L12-18: I read this as Age seeing the theme of 'carpe diem' in poems (literature in general?), even where this is not the main point of those poems (thus, 'imposed'). Age does not think people should be 'overflooded with happiness' (too content with life?) lest they become complacent and give up on living a full life.
L19-end: Here the speaker of the poem considers the problem of telling people to 'seize the present'. Can it be done? The speaker observes: (1) Life lives more in the future than in the present; (2) Life lives more in the past than in both the present and future combined. I think the idea here is that we are either too caught up in worrying about what the future might hold (or alternatively, in making plans for the future that might not happen) or trapped by past events, for the 'carpe diem' message to be effective. The poem concludes with the idea that the present is too overwhelming 'to imagine'. Perhaps the poem then is an explanation of why 'carpe diem' is such a perennial theme in literature: it is so difficult for us to achieve in life. Sadly, but inevitably, the question 'Should we seize the present?' remains unanswered.
a reply to the comments below:
Theoretically, to me, there is no such thing, if we live in an infinity, and I think we do, as the "present" - the present cannot exist, try to put your finger on it??? There is only an engine (found only in life forms that have developed a sense of and/or an ability to measure) that exists between the future and the past which pumps the future into the past. In an infinity - there is no such thing as time, it is only a measurement that earthlings have developed for their convenience. There cannot be time when there is no beginning or end. The span of the life of a fly is a lifetime to the fly and a few weeks to a human and a nana second to a Bristlecone Pine, but in reality they are all the same in infinity.
So all this discourse about lovers and the present and it's flow over into the future and spill into the past is sentimental hogwash produced by reflections and projections driven by hormones and adrenaline's, expectations and the innate pounding of life's true meaning and purpose, which is inherent in all living things, animal and plant, as the fifth force in the universe: the force that demands cell to split and every living entity to propagate.
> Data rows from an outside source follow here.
(** If, near a parameter
    value [k0], the equilibrium price is [g(k)^theta] for a threshold [g]
    increasing at [k0], and revenue along the path decreases, then the price
    rises, net utilities, surplus and welfare fall, and revenue falls.
    [K] selects which [kappa_avg] the revenue is evaluated at. *)
Lemma comparative_statics (K P g : R -> R) k0 del dg dr :
  0 < del ->
  (forall k, Rabs (k - k0) < del -> 0 < g k < Phimax M /\ P k = Rpower (g k) (theta M)) ->
  derivable_pt_lim g k0 dg -> 0 < dg ->
  derivable_pt_lim (fun k => rev_t (K k) (g k)) k0 dr -> dr < 0 ->
  (exists dp, 0 < dp /\ derivable_pt_lim P k0 dp /\
     (forall Phi, derivable_pt_lim (fun k => net_utility M Phi (P k)) k0 (- dp))) /\
  (exists dr, dr < 0 /\ derivable_pt_lim (fun k => Rev M (K k) (P k)) k0 dr) /\
  (exists du, du < 0 /\ derivable_pt_lim (fun k => surplus M (P k)) k0 du) /\
  (exists dw, dw < 0 /\ derivable_pt_lim (fun k => welfare M (K k) (P k)) k0 dw).
Proof.
  intros hdel hloc hg hdg hr hdr.
  destruct (hloc k0 ltac:(rewrite Rminus_eq_0, Rabs_R0; exact hdel)) as [ht0 _].
  pose proof (Rpower_pos (g k0) (theta M - 1)).
  set (dp := theta M * Rpower (g k0) (theta M - 1) * dg).
  set (du := - scale * theta M * Rpower (g k0) (theta M - 1) * tail_users (g k0) * dg).
  assert (hdp : 0 < dp) by (apply Rmult_lt_0_compat; [apply Rmult_lt_0_compat |]; lra).
  assert (hdu : du < 0).
  { pose proof scale_pos. pose proof (tail_users_pos (g k0) ht0).
    assert (0 < scale * theta M * Rpower (g k0) (theta M - 1) * tail_users (g k0) * dg)
      by (repeat (apply Rmult_lt_0_compat; try lra)).
    unfold du. lra. }
  assert (hP : derivable_pt_lim P k0 dp).
  { apply derivable_pt_lim_local with (g := fun k => Rpower (g k) (theta M)) (r := del); auto.
    - intros k hk. apply hloc, hk.
    - unfold dp. apply (derivable_pt_lim_comp g (fun y => Rpower y (theta M))); [exact hg |].
      apply derivable_pt_lim_power. lra. }
  assert (hR : derivable_pt_lim (fun k => Rev M (K k) (P k)) k0 dr).
  { apply derivable_pt_lim_local with (g := fun k => rev_t (K k) (g k)) (r := del); auto.
    intros k hk. destruct (hloc k hk) as [htk ->]. apply Rev_pow, htk. }
  assert (hS : derivable_pt_lim (fun k => surplus M (P k)) k0 du).
  { apply derivable_pt_lim_local with (g := fun k => surplus_t (g k)) (r := del); auto.
    - intros k hk. destruct (hloc k hk) as [htk ->]. apply surplus_pow, htk.
    - unfold du. apply (derivable_pt_lim_comp g surplus_t); [exact hg |].
      apply surplus_t_deriv. lra. }
  split; [| split; [| split]].
  - exists dp. repeat split; auto. intros Phi.
    replace (- dp) with (0 - dp) by ring.
    apply (derivable_pt_lim_minus (fun _ => rpow Phi (theta M)) P); [apply derivable_pt_lim_const | exact hP].
  - exists dr. split; assumption.
  - exists du. split; assumption.
  - exists (du + dr). split; [lra |].
    apply (derivable_pt_lim_plus (fun k => surplus M (P k)) (fun k => Rev M (K k) (P k))); assumption.
Qed.
(* Let $\Pi$ be a problem with input in the black-white formalism. Suppose all node degrees are at most $\Delta$ and $\Pi$ has at most $L$ output labels. Suppose $\Pi$ cannot be solved in $0$ rounds by a deterministic white algorithm in the PN model, even if a solution of a problem $\Pi_{\mathrm{in}}$ is given as input. Then every randomized $0$-round white algorithm for $\Pi$, given a solution of $\Pi_{\mathrm{in}}$ as input, fails with probability at least $1/L^{\Delta^2}$.
   Context: A problem with input in the black-white formalism is $(\Sigma_{\mathrm{in}},\Sigma_{\mathrm{out}},\mathcal{N}=(\mathcal{N}^1,\dots,\mathcal{N}^\Delta),\mathcal{E}=(\mathcal{E}^1,\dots,\mathcal{E}^\delta),g)$. Here: - $\mathcal{N}^i$ and $\mathcal{E}^i$ are sets of cardinality-$i$ multisets of output labels, giving the allowed label multisets around white, resp. black, nodes of degree $i$; - $g:\Sigma_{\mathrm{in}}\to2^{\Sigma_{\mathrm{out}}}$ restricts the output on an edge given its input label. Instances are $2$-colored bipartite graphs with input labels on edges. ''Given a solution of $\Pi_{\mathrm{in}}$'' (where $\Pi_{\mathrm{in}}$ is a problem without inputs whose outputs are in $\Sigma_{\mathrm{in}}$) means the input labels form a valid solution of $\Pi_{\mathrm{in}}$. A $0$-round white algorithm in the PN model lets each white node choose output labels on its incident edges knowing only its degree, its port numbering and its incident input labels; in the randomized case it may also use private random bits. Failing means some constraint is violated, in particular at some black node, on some instance. *)

From mathcomp Require Import all_boot all_order all_algebra.
Set Implicit Arguments.
Unset Strict Implicit.
Unset Printing Implicit Defensive.
Import Order.TTheory GRing.Theory Num.Theory.

(* A multiset over a finite label set, represented by its multiplicity
   function; its cardinality is the sum of the multiplicities. *)
Definition mset (T : finType) := {ffun T -> nat}.

(* A problem without inputs in the black-white formalism over labels Sig:
   [white_c] (resp. [black_c]) is the union of the sets N^i (resp. E^i),
   i.e. the allowed multisets of labels around a white (resp. black) node,
   the degree of the node being the cardinality of the multiset. *)
Record bw_problem (Sig : finType) := BWProblem {
  white_c : pred (mset Sig);
  black_c : pred (mset Sig) }.

Record problem_in (Sin Sout : finType) := ProblemIn {
  out_pb : bw_problem Sout;
  gmap : Sin -> {set Sout} }.

(* A finite 2-coloured bipartite graph given by its edges, each with a white
   and a black endpoint, together with a port numbering of white nodes:
   [ports v] lists the edges incident to v, the port of edge e at v being
   its index in [ports v]. *)
Record pn_graph := PNGraph {
  White : finType;
  Black : finType;
  Edge : finType;
  wend : Edge -> White;
  bend : Edge -> Black;
  ports : White -> seq Edge }.

Section Defs.
Variable G : pn_graph.

Definition wdeg (v : White G) := #|[set e | wend e == v]|.
Definition bdeg (u : Black G) := #|[set e | bend e == u]|.

Definition well_formed (Delta : nat) : Prop :=
  injective (fun e : Edge G => (wend e, bend e)) /\
  (forall v : White G, uniq (ports v) /\ forall e : Edge G, (e \in ports v) = (wend e == v)) /\
  (forall v, 0 < wdeg v <= Delta) /\
  (forall u, 0 < bdeg u <= Delta).

Definition wmset (T : finType) (lab : Edge G -> T) (v : White G) : mset T :=
  [ffun x => #|[set e | (wend e == v) && (lab e == x)]|].
Definition bmset (T : finType) (lab : Edge G -> T) (u : Black G) : mset T :=
  [ffun x => #|[set e | (bend e == u) && (lab e == x)]|].

Definition bw_valid (T : finType) (P : bw_problem T) (lab : Edge G -> T) : bool :=
  [forall v, white_c P (wmset lab v)] && [forall u, black_c P (bmset lab u)].

Definition valid_out (Sin Sout : finType) (Pi : problem_in Sin Sout)
    (inp : Edge G -> Sin) (out : Edge G -> Sout) : bool :=
  [forall e, out e \in gmap Pi (inp e)] && bw_valid (out_pb Pi) out.

Definition input_tuple (Sin : finType) (inp : Edge G -> Sin) (v : White G) :=
  map_tuple inp (in_tuple (ports v)).

End Defs.

(* Deterministic 0-round white algorithm in PN: a white node of degree d
   maps its incident input labels (in port order) to its outputs (in port order). *)
Definition det_alg (Sin Sout : finType) := forall d, d.-tuple Sin -> d.-tuple Sout.

Definition det_output (G : pn_graph) (Sin Sout : finType) (A : det_alg Sin Sout)
    (inp : Edge G -> Sin) (out : Edge G -> Sout) : Prop :=
  forall v : White G, map_tuple out (in_tuple (ports v)) = A _ (input_tuple inp v).

Definition det_solves (Sin Sout : finType) (Delta : nat) (Pi : problem_in Sin Sout)
    (Piin : bw_problem Sin) (A : det_alg Sin Sout) : Prop :=
  forall (G : pn_graph) (inp : Edge G -> Sin), well_formed G Delta ->
    bw_valid Piin inp ->
    forall out : Edge G -> Sout, det_output A inp out -> valid_out Pi inp out.

(* Randomized 0-round white algorithm: a white node of degree d with incident
   inputs s draws its tuple of outputs from the distribution mu d s, using
   private randomness (independently of all other nodes). *)
Definition rand_alg (R : realFieldType) (Sin Sout : finType) :=
  forall d, d.-tuple Sin -> {ffun d.-tuple Sout -> R}.

Definition is_rand_alg (R : realFieldType) (Sin Sout : finType) (mu : rand_alg R Sin Sout) :=
  forall d (s : d.-tuple Sin),
    ((forall t, 0 <= mu d s t) /\ \sum_t mu d s t = 1)%R.

Definition fail_prob (R : realFieldType) (Sin Sout : finType) (Pi : problem_in Sin Sout)
    (mu : rand_alg R Sin Sout) (G : pn_graph) (inp : Edge G -> Sin) : R :=
  (\sum_(out : {ffun Edge G -> Sout} | ~~ valid_out Pi inp out)
     \prod_(v : White G) mu _ (input_tuple inp v) (map_tuple out (in_tuple (ports v))))%R.

From mathcomp Require Import all_boot all_order all_algebra.
From Stdlib Require Import Classical_Prop.
Import Order.TTheory GRing.Theory Num.Theory.

Set Implicit Arguments.
Unset Strict Implicit.
Unset Printing Implicit Defensive.

(** Let [A] be the deterministic algorithm that outputs, at every white node,
    a most likely output tuple of the randomized algorithm [mu]; at a node of
    degree [d <= Delta] that tuple has probability at least [1 / L ^ Delta].
    By assumption [A] fails on some instance, and the violated constraint (at
    an edge, a white node or a black node) only involves the outputs of at
    most [Delta] white nodes.  Since white nodes draw their outputs
    independently, with probability at least [(1 / L ^ Delta) ^ Delta] these
    nodes all output what [A] outputs, and then the same constraint is
    violated. *)

Local Open Scope ring_scope.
The force of progeny is disguised in many ways, as an emotion, as rampage, as desire and as love. It can be strong or weak or unavailable - dependent upon the condition and makeup of the receptors within the lives that receive it. Mutations of genes determine the in-and-output of the receptors. These results are seen in the degree or lack of degree of emotionality portrayed in all life which ranges from a overpowering cold hard must be done job to an elaborately decorated tangolike dance stage with all the imaginable trimmings from romance and horseplay to foreplay and climax and ejaculation. Marriage is just a rule of justification designed to tame the overpowering impulses in one specific species of life and somewhat manipulate the process of random selection.
Frost was a both a romantic and a uninvolved observer of human endeavor. He was more philosophical than emotional, seeing things as they really are or were, but he also had a deeply developed understanding of the whys and wherefores of human and other animal going-ons. He always left a little message in his poems after poetically and usually brilliantly describing his observations. He, like Emily Dickinson and Thomas Hardy and the master William Shakespeare and a few others excelled in the ability to make mountains out of molehills and molehills out of mountains.
Frost - Words of wisdom, in a poetic voice, strong and true. Bold and strength indeed! The voice of Frost, is one that none can match and few can compare to! A true master of words, yet, master of nothing!